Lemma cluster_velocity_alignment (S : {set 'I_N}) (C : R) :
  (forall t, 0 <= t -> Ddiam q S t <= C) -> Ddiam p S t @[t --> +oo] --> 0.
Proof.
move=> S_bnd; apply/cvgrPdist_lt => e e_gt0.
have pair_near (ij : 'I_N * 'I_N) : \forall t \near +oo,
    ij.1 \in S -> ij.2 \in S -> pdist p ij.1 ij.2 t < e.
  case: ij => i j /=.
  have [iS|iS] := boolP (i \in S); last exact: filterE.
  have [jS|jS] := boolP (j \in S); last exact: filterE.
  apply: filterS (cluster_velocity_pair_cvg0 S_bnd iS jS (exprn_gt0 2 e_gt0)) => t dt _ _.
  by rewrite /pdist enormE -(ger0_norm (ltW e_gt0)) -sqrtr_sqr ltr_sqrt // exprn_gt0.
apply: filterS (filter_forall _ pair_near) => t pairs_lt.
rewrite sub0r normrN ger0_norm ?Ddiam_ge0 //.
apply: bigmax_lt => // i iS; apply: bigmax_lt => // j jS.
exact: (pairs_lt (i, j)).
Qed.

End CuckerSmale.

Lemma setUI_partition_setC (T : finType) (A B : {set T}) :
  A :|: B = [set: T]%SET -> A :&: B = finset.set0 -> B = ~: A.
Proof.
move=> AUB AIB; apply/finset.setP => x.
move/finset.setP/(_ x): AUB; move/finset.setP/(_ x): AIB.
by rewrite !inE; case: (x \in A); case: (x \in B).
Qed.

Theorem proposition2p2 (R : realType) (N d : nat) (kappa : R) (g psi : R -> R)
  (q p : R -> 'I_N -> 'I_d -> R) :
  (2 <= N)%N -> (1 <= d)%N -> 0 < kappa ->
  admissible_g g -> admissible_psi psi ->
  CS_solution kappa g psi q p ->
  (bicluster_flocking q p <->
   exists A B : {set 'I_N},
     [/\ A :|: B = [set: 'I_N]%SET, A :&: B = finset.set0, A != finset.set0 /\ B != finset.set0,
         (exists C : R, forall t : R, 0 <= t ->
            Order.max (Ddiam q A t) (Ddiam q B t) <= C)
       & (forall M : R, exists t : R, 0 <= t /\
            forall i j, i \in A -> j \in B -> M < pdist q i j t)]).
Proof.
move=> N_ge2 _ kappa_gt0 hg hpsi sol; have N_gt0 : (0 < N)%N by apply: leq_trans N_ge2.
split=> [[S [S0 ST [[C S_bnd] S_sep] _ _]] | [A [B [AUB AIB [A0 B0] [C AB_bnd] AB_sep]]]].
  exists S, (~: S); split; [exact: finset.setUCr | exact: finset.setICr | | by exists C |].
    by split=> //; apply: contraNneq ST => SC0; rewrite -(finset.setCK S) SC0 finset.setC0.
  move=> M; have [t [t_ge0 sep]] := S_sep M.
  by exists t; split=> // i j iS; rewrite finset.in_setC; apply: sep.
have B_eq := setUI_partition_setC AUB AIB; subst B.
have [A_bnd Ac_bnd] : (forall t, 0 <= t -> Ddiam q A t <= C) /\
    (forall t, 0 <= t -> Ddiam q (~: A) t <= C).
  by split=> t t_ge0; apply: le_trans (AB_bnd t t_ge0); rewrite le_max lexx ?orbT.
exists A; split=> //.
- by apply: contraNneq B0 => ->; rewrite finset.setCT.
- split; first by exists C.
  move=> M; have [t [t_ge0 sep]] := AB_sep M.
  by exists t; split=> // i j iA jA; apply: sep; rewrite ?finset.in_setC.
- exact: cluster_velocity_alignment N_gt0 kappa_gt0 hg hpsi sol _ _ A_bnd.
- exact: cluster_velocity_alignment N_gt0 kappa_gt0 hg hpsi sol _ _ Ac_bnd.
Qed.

[About this exercise]: Keeping every character as it is, restate the lines above that run from the line with "rewrite sub0r normrN ger0_norm ?Ddiam_ge0 //." through the line with "move=> M; have [t [t_ge0 sep]] := S_sep M.", both included, and nothing else.

[Reply to the exercise]:
rewrite sub0r normrN ger0_norm ?Ddiam_ge0 //.
apply: bigmax_lt => // i iS; apply: bigmax_lt => // j jS.
exact: (pairs_lt (i, j)).
Qed.

End CuckerSmale.

Lemma setUI_partition_setC (T : finType) (A B : {set T}) :
  A :|: B = [set: T]%SET -> A :&: B = finset.set0 -> B = ~: A.
Proof.
move=> AUB AIB; apply/finset.setP => x.
move/finset.setP/(_ x): AUB; move/finset.setP/(_ x): AIB.
by rewrite !inE; case: (x \in A); case: (x \in B).
Qed.

Theorem proposition2p2 (R : realType) (N d : nat) (kappa : R) (g psi : R -> R)
  (q p : R -> 'I_N -> 'I_d -> R) :
  (2 <= N)%N -> (1 <= d)%N -> 0 < kappa ->
  admissible_g g -> admissible_psi psi ->
  CS_solution kappa g psi q p ->
  (bicluster_flocking q p <->
   exists A B : {set 'I_N},
     [/\ A :|: B = [set: 'I_N]%SET, A :&: B = finset.set0, A != finset.set0 /\ B != finset.set0,
         (exists C : R, forall t : R, 0 <= t ->
            Order.max (Ddiam q A t) (Ddiam q B t) <= C)
       & (forall M : R, exists t : R, 0 <= t /\
            forall i j, i \in A -> j \in B -> M < pdist q i j t)]).
Proof.
move=> N_ge2 _ kappa_gt0 hg hpsi sol; have N_gt0 : (0 < N)%N by apply: leq_trans N_ge2.
split=> [[S [S0 ST [[C S_bnd] S_sep] _ _]] | [A [B [AUB AIB [A0 B0] [C AB_bnd] AB_sep]]]].
  exists S, (~: S); split; [exact: finset.setUCr | exact: finset.setICr | | by exists C |].
    by split=> //; apply: contraNneq ST => SC0; rewrite -(finset.setCK S) SC0 finset.setC0.
  move=> M; have [t [t_ge0 sep]] := S_sep M.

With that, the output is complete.